Lemma INsP Z a X u : u \in INs T Z a X ->
  exists l, [/\ path (arc_outside Z) u l, last u l \in X, (size l <= a)%N & u \notin Z].
Proof.
elim: a u => [|a IH] u /=; first by rewrite !inE => /andP[uZ uX]; exists [::].
rewrite !inE => /orP[/IH[l [ul lX la uZ]]|/andP[uZ /existsP[v /andP[vIN uv]]]].
  by exists l; split => //; apply: leqW.
have [l [vl lX la vZ]] := IH _ vIN.
by exists (v :: l); split => //=; rewrite vl /arc_outside uv uZ vZ.
Qed.

Lemma path_outside Z u l : path (arc_outside Z) u l -> last u l \notin Z ->
  {in Z, forall v, v \notin u :: l}.
Proof.
elim: l u => [|y l IH] u /=; first by move=> _ uZ v vZ; rewrite inE; apply: contraNneq uZ => <-.
case/andP=> /and3P[_ uZ yZ] yl lZ v vZ; rewrite in_cons negb_or (IH _ yl lZ _ vZ) andbT.
by apply: contraNneq uZ => <-.
Qed.

Variable n : nat.
Hypothesis large_blocks : forall W : {set V}, sub_block T W -> (n <= #|W|)%N.

Lemma fC_adjacent x k m n0 : (x.+2 < n)%N -> adjacent k m -> k != m ->
  n0 != k -> n0 != m -> arc n0 k -> fC T x [set n0] [set m] [set k].
Proof.
move=> lt_xn km ne_km n0k n0m n0_k.
rewrite /fC; have -> : ([set m] != set0) = true by apply/set0Pn; exists m; apply: set11.
apply/idPn; rewrite negb_forall => /existsP[a /set0Pn[u]].
rewrite inE => /andP[/INsP[l1 [p1 e1 s1 _]] /INsP[l2 [p2 e2 s2 _]]].
move: e1 e2; rewrite !inE => /eqP e1 /eqP e2.
have le_x : (size l1 + size l2 <= x)%N by move: (ltn_ord a); lia.
have [u' [l1' [l2' [q1 f1 q2 f2 [sz uq]]]]] := shorten_two_paths p1 p2.
rewrite {}e1 in f1; rewrite {}e2 in f2.
have k_notin l : path (arc_outside [set k]) u' l -> last u' l != k -> k \notin u' :: l.
  by move=> ul lk; apply: path_outside ul _ _ (set11 k); rewrite inE.
have uqk : uniq (k :: u' :: l1' ++ l2').
  rewrite cons_uniq uq andbT -cat_cons mem_cat negb_or k_notin ?f1 //=.
  by move: (k_notin _ q2); rewrite f2 eq_sym ne_km in_cons negb_or => /(_ isT)/andP[].
have arc_out : subrel (arc_outside [set k]) arc by move=> ? ? /and3P[].
have := two_paths_sub_block (sub_path arc_out q1) (sub_path arc_out q2) uqk.
rewrite f1 f2 => /(_ n0_k km n0m) /large_blocks.
rewrite cardsE (card_uniqP uqk) /= size_cat => /(leq_trans lt_xn).
by rewrite !ltnS ltnNge (leq_trans sz le_x).
Qed.

End Digraph.

Section PairStates.
Variables (R : realFieldType) (N : nat) (T : 'I_N -> 'I_N -> R).
Local Notation V := 'I_N.
Local Notation arc := (Defs.arc T).

Lemma supp_single X (i : V) : supp (single X i) = [set i].
Proof. by apply/setP => j; rewrite !inE ffunE; case: (j =P i). Qed.

Lemma supp_hset X (k : V) psi : supp (hset X k psi) = k |: supp psi.
Proof. by apply/setP => j; rewrite !inE ffunE; case: (j =P k). Qed.

Lemma supp_hset_in X (k : V) psi : k \in supp psi -> supp (hset X k psi) = supp psi.
Proof. by rewrite supp_hset => k_psi; apply/setUidPr; rewrite sub1set. Qed.

Lemma SI_single X (i : V) : X != R_st -> SI_state (single X i).
Proof.
move=> XR; apply/forallP => j; rewrite ffunE; case: (j =P i) => _; rewrite !inE //.
by case: X XR.
Qed.

Lemma SI_hset X (k : V) psi : X != R_st -> SI_state psi -> SI_state (hset X k psi).
Proof.
move=> XR /forallP SIpsi; apply/forallP => j; rewrite ffunE.
by case: (j =P k) => _; [rewrite !inE; case: X XR | exact: SIpsi].
Qed.

Definition pair_state (psi : state N) : Prop :=
  SI_state psi /\ exists a b, supp psi = [set a; b] /\ (a == b) || adjacent T a b.

Lemma pair_state_single psi (a : V) : SI_state psi -> supp psi = [set a] -> pair_state psi.
Proof. by move=> SIpsi suppE; split => //; exists a, a; rewrite setUid eqxx. Qed.

Lemma pair_state_arc psi (a b : V) : SI_state psi -> supp psi = [set a; b] -> arc a b ->
  pair_state psi.
Proof. by move=> SIpsi suppE ab; split => //; exists a, b; rewrite /adjacent ab orbT. Qed.

Lemma pair_state_hset X psi k : X != R_st -> pair_state psi -> k \in supp psi ->
  pair_state (hset X k psi).
Proof. by move=> XR [SIpsi pair] kW; split; [exact: SI_hset | rewrite supp_hset_in]. Qed.

Lemma card_supp_pair psi : pair_state psi -> (#|supp psi| <= 2)%N.
Proof. by case=> _ [a [b [-> _]]]; rewrite cards2; case: (a != b). Qed.

Lemma supp_pair_single psi k : pair_state psi -> #|supp psi| != 2 -> k \in supp psi ->
  supp psi = [set k].
Proof.
case=> _ [a [b [-> _]]]; rewrite cards2 eqSS eqb1 negbK => /eqP <-.
by rewrite setUid inE => /eqP ->.
Qed.

Variable n : nat.
Hypothesis large_blocks : forall W : {set V}, sub_block T W -> (n <= #|W|)%N.

Lemma fC_pair_state x psi k j : (x.+2 < n)%N -> pair_state psi ->
  k \in supp psi -> j \notin supp psi -> (0 < T k j)%R ->
  fC T x [set j] (supp psi :\ k) [set k] = (#|supp psi| == 2).
Proof.
move=> lt_xn [_ [a [b [-> ab]]]] k_ab.
wlog -> : a b ab k_ab / k = a.
  move=> wlog; case/set2P: (k_ab) => [|kb]; first exact: wlog.
  by rewrite setUC; apply: wlog kb; rewrite 1?eq_sym 1?adjacent_sym // setUC.
rewrite !inE negb_or cards2 => /andP[ja jb] Taj.
have [<-|ne_ab] /= := eqVneq a b; first by rewrite setUid setDv /fC eqxx.
rewrite (negPf ne_ab) /= in ab.
rewrite setU1K ?inE // eqxx.
exact: (fC_adjacent large_blocks).
Qed.

Lemma pair_state_induced x psi phi : (x.+2 < n)%N -> pair_state psi ->
  induced T x psi phi -> pair_state phi.
Proof.
move=> lt_xn psi_pair [SIpsi [->|[k [j [psik _ _ ->]]]|[k [j [kW jW Tkj]]]]] //.
  by apply: pair_state_hset; rewrite // inE psik.
have jk : arc j k by [].
rewrite (fC_pair_state lt_xn psi_pair kW jW Tkj).
case: ifP => [_ [->|[->|->]] | /negbT card_ne2 ->].
- exact: pair_state_hset.
- apply: (pair_state_arc (a := j) (b := k)) jk; first exact/SI_hset/SI_single.
  by rewrite /addI supp_hset supp_single.
- by apply: (pair_state_single (a := k)); [exact: SI_single | rewrite supp_single].
apply: (pair_state_arc (a := j) (b := k)) jk; first exact/SI_hset/SI_hset.
by rewrite /addI !supp_hset (supp_pair_single psi_pair card_ne2 kW) setUid.
Qed.

Lemma MC_pair_state x psi : (x.+2 < n)%N -> MC T x psi -> pair_state psi.
Proof.
move=> lt_xn; elim=> [i|i|{}psi phi _ psi_pair]; last exact: pair_state_induced.
- by apply: (pair_state_single (a := i)); [exact: SI_single | rewrite supp_single].
- by apply: (pair_state_single (a := i)); [exact: SI_single | rewrite supp_single].
Qed.

Lemma induced_order_change x y psi phi : (x.+2 < n)%N -> (y.+2 < n)%N ->
  pair_state psi -> induced T x psi phi -> induced T y psi phi.
Proof.
move=> lt_xn lt_yn psi_pair [SIpsi [eq_phi|step|[k [j [kW jW Tkj]]]]]; split => //.
- by constructor 1.
- by constructor 2.
constructor 3; exists k, j; split => //.
by rewrite (fC_pair_state lt_yn psi_pair kW jW Tkj) -(fC_pair_state lt_xn psi_pair kW jW Tkj).
Qed.

Lemma MC_order_change x y psi : (x.+2 < n)%N -> (y.+2 < n)%N -> MC T x psi -> MC T y psi.
Proof.
move=> lt_xn lt_yn; elim=> [i|i|{}psi phi MCpsi MCpsi_y ind]; [exact: MC_S | exact: MC_I|].
apply: MC_step MCpsi_y _; apply: induced_order_change ind => //.
exact: MC_pair_state MCpsi.
Qed.

Lemma closed_rhs_order_change gam x y psi : (forall i j, 0 <= T i j)%R ->
  (x.+2 < n)%N -> (y.+2 < n)%N -> pair_state psi ->
  closed_rhs T gam x psi = closed_rhs T gam y psi.
Proof.
move=> T_ge0 lt_xn lt_yn psi_pair; apply: functional_extensionality => f.
have closed_sum k : k \in supp psi ->
    (\sum_(j | psi j == None) T k j * closed_term T x psi k j f =
     \sum_(j | psi j == None) T k j * closed_term T y psi k j f)%R.
  move=> kW; apply: eq_bigr => j j_out.
  have [<-|Tkj] := eqVneq 0%R (T k j); first by rewrite !mul0r.
  have jW : j \notin supp psi by rewrite inE negbK.
  have {}Tkj : (0 < T k j)%R by rewrite lt_def eq_sym Tkj T_ge0.
  rewrite /closed_term (fC_pair_state lt_xn psi_pair kW jW Tkj).
  by rewrite (fC_pair_state lt_yn psi_pair kW jW Tkj).
rewrite /closed_rhs; congr (_ - _ + _)%R; apply: eq_bigr => k /eqP psik.
  by rewrite closed_sum // inE psik.
by rewrite closed_sum // inE psik.
Qed.

End PairStates.

Local Open Scope ring_scope.

Theorem mainTheorem13 (R : realFieldType) (N : nat) (T : 'I_N -> 'I_N -> R)
    (gam : 'I_N -> R)
    (HT0 : forall i j, 0 <= T i j) (HTii : forall i, T i i = 0)
    (Hgam : forall i, 0 <= gam i)
    (n : nat)
    (Hmin : (exists W : {set 'I_N}, sub_block T W /\ #|W| = n) /\
            (forall W : {set 'I_N}, sub_block T W -> (n <= #|W|)%N)) :
  forall x : nat, (x < n - 2)%N ->
    [/\ forall psi, MC T x psi -> (#|supp psi| <= 2)%N,
        forall psi, MC T x psi <-> MC T 0 psi
      & forall psi, MC T x psi -> closed_rhs T gam x psi = closed_rhs T gam 0 psi].
Proof.
case: Hmin => [[W0 [[_ [W0_ge3 _]] W0_n]] large_blocks] x lt_x_n2.
have lt_xn : (x.+2 < n)%N by move: lt_x_n2; lia.
have lt_0n : (0.+2 < n)%N by rewrite -W0_n.
split.
- by move=> psi /(MC_pair_state large_blocks lt_xn) /card_supp_pair.
- by move=> psi; split; apply: (MC_order_change large_blocks).
- move=> psi /(MC_pair_state large_blocks lt_xn) psi_pair.
  exact: (closed_rhs_order_change large_blocks).
Qed.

> **Task details**:
Taking the entries above, restate exactly those lines that fall between the line with "Lemma fC_pair_state x" and the line with "move=> wlog; case/set2P: (k_ab)", keeping both of those lines too.

> **Task solution**:
Lemma fC_pair_state x psi k j : (x.+2 < n)%N -> pair_state psi ->
  k \in supp psi -> j \notin supp psi -> (0 < T k j)%R ->
  fC T x [set j] (supp psi :\ k) [set k] = (#|supp psi| == 2).
Proof.
move=> lt_xn [_ [a [b [-> ab]]]] k_ab.
wlog -> : a b ab k_ab / k = a.
  move=> wlog; case/set2P: (k_ab) => [|kb]; first exact: wlog.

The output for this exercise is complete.